Луи не мог оставить Гарри, даже если бы попытался, даже если бы так было нужно.

– Я не ненавижу тебя, – говорит он, отталкивая от себя мысли. Потому что сейчас речь не о его сердце—речь о сердце Гарри. – Я не ненавижу тебя, ни капли—Я просто тебя не понимаю. Ты никогда не давал мне понять тебя. Я хочу… – он останавливается, не зная, что говорить дальше.

По комнате проходит свист ветра, залетевшего в окно.

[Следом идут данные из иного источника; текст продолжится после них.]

(* Let $(L,M,N,P)$ be a crossed square with maps $\lambda,\lambda',\mu,\nu$ and function $h$. Let $L\rtimes N$ and $M\rtimes P$ be the semidirect products (with $N$ acting on $L$ via $\nu$), i.e. $(l,n)+(l',n')=(l+n\cdot l',n+n')$ and $(m,p)+(m',p')=(m+p\cdot m',p+p')$. Let $M\rtimes P$ act on $L\rtimes N$ by $(m,p)\cdot(l,n)=(m\cdot(p\cdot l)+h(m,p\cdot n),\ p\cdot n)$. Then $C_1=(L\rtimes N,M\rtimes P,\lambda\times\nu)$ and $C_0=(N,P,\nu)$ are crossed modules, and together with $s_A(l,n)=n$, $s_B(m,p)=p$, $t_A(l,n)=\lambda'(l)+n$, $t_B(m,p)=\mu(m)+p$, $\varepsilon_A(n)=(0,n)$, $\varepsilon_B(p)=(0,p)$ and compositions $(l',\lambda'(l)+n)\circ(l,n)=(l'+l,n)$, $(m',\mu(m)+p)\circ(m,p)=(m'+m,p)$, they form an internal category in $\mathsf{XMod}$.
   Context: Groups are written additively. A crossed module $(A,B,\alpha)$: groups $A,B$, a left action of $B$ on $A$ by automorphisms, a homomorphism $\alpha:A\to B$ with $\alpha(b\cdot a)=b+\alpha(a)-b$ and $\alpha(a)\cdot a'=a+a'-a$. Morphisms $\langle f_A,f_B\rangle$ are pairs of homomorphisms with $f_B\alpha=\alpha'f_A$, $f_A(b\cdot a)=f_B(b)\cdot f_A(a)$. An internal category in $\mathsf{XMod}$ consists of crossed modules $C_1=(A_1,B_1,\alpha_1)$, $C_0=(A_0,B_0,\alpha_0)$ and crossed module morphisms $s=\langle s_A,s_B\rangle, t=\langle t_A,t_B\rangle:C_1\to C_0$, $\varepsilon=\langle\varepsilon_A,\varepsilon_B\rangle:C_0\to C_1$, $m=\langle m_A,m_B\rangle:C_1\,{}_s\!\times_t C_1\to C_1$ (pullback computed componentwise, pairs $(x,y)$ with $s(x)=t(y)$, componentwise action; $m(x,y)$ written $x\circ y$) satisfying $s\varepsilon=t\varepsilon=1$, $sm=s\pi_2$, $tm=t\pi_1$, associativity and unit laws $m(\varepsilon s,1)=m(1,\varepsilon t)=1$. A crossed square: homomorphisms $\lambda:L\to M$, $\lambda':L\to N$, $\mu:M\to P$, $\nu:N\to P$ with $\nu\lambda'=\mu\lambda$, left actions of $P$ on $L,M,N$ (inducing actions of $M$ on $L,N$ via $\mu$ and of $N$ on $L,M$ via $\nu$, e.g. $m\cdot l=\mu(m)\cdot l$), and $h:M\times N\to L$, such that (i) $\lambda,\lambda'$ are $P$-equivariant and $\mu$, $\nu$, $\mu\lambda$ are crossed modules; (ii) $\lambda h(m,n)=m+n\cdot(-m)$, $\lambda'h(m,n)=m\cdot n-n$; (iii) $h(\lambda(l),n)=l+n\cdot(-l)$, $h(m,\lambda'(l))=m\cdot l-l$; (iv) $h(m+m',n)=m\cdot h(m',n)+h(m,n)$, $h(m,n+n')=h(m,n)+n\cdot h(m,n')$; (v) $h(p\cdot m,p\cdot n)=p\cdot h(m,n)$. *)

Set Implicit Arguments.
Unset Strict Implicit.

Record GOps := { car :> Type; gadd : car -> car -> car; gzero : car; gopp : car -> car }.
Arguments gadd {g} _ _.
Arguments gzero {g}.
Arguments gopp {g} _.

Definition is_group (G : GOps) : Prop :=
  (forall x y z : G, gadd x (gadd y z) = gadd (gadd x y) z) /\
  (forall x : G, gadd gzero x = x) /\ (forall x : G, gadd x gzero = x) /\
  (forall x : G, gadd (gopp x) x = gzero) /\ (forall x : G, gadd x (gopp x) = gzero).

Definition is_hom (G H : GOps) (f : G -> H) : Prop :=
  forall x y, f (gadd x y) = gadd (f x) (f y).

Definition is_action (B A : GOps) (act : B -> A -> A) : Prop :=
  (forall a, act gzero a = a) /\
  (forall b b' a, act (gadd b b') a = act b (act b' a)) /\
  (forall b a a', act b (gadd a a') = gadd (act b a) (act b a')).

Definition is_xmod (A B : GOps) (act : B -> A -> A) (alpha : A -> B) : Prop :=
  is_group A /\ is_group B /\ is_action act /\ is_hom alpha /\
  (forall b a, alpha (act b a) = gadd (gadd b (alpha a)) (gopp b)) /\
  (forall a a', act (alpha a) a' = gadd (gadd a a') (gopp a)).

Definition is_xmod_mor (A B : GOps) (act : B -> A -> A) (alpha : A -> B)
  (A' B' : GOps) (act' : B' -> A' -> A') (alpha' : A' -> B')
  (fA : A -> A') (fB : B -> B') : Prop :=
  is_hom fA /\ is_hom fB /\
  (forall a, fB (alpha a) = alpha' (fA a)) /\
  (forall b a, fA (act b a) = act' (fB b) (fA a)).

На его лице глубокая складка между бровями, он поднимает трясущуюся руку и осторожно касается щеки Луи. Касание как дуновение, как шелк по коже, но прошибает как электрический ток. – Ты не заслуживаешь—, – начинает он, взгляд смягчается, электрический заряд превращается в огонь.

В красные раскаленные угли, разгорающиеся внутри, поджигающие самообладание.

– Блять, прекрати говорить мне, чего я заслуживаю! – он рявкает злостно и раздраженно, цепляется за запястье Гарри, удерживает ладонь на месте. Ладно, может он и ведет себя немного эгоистично. Но сейчас ему можно, сейчас это позволительно. – Не оставляй за собой бардак, Гарри. Не надо. Мы во всем разберемся. Мы оба. Ты и я, – когда Гарри начинает мотать головой, Луи рычит и усиливает хватку на запястье. – Да. Только—только не уезжай пока что, ладно? Останься. Пожалуйста, останься.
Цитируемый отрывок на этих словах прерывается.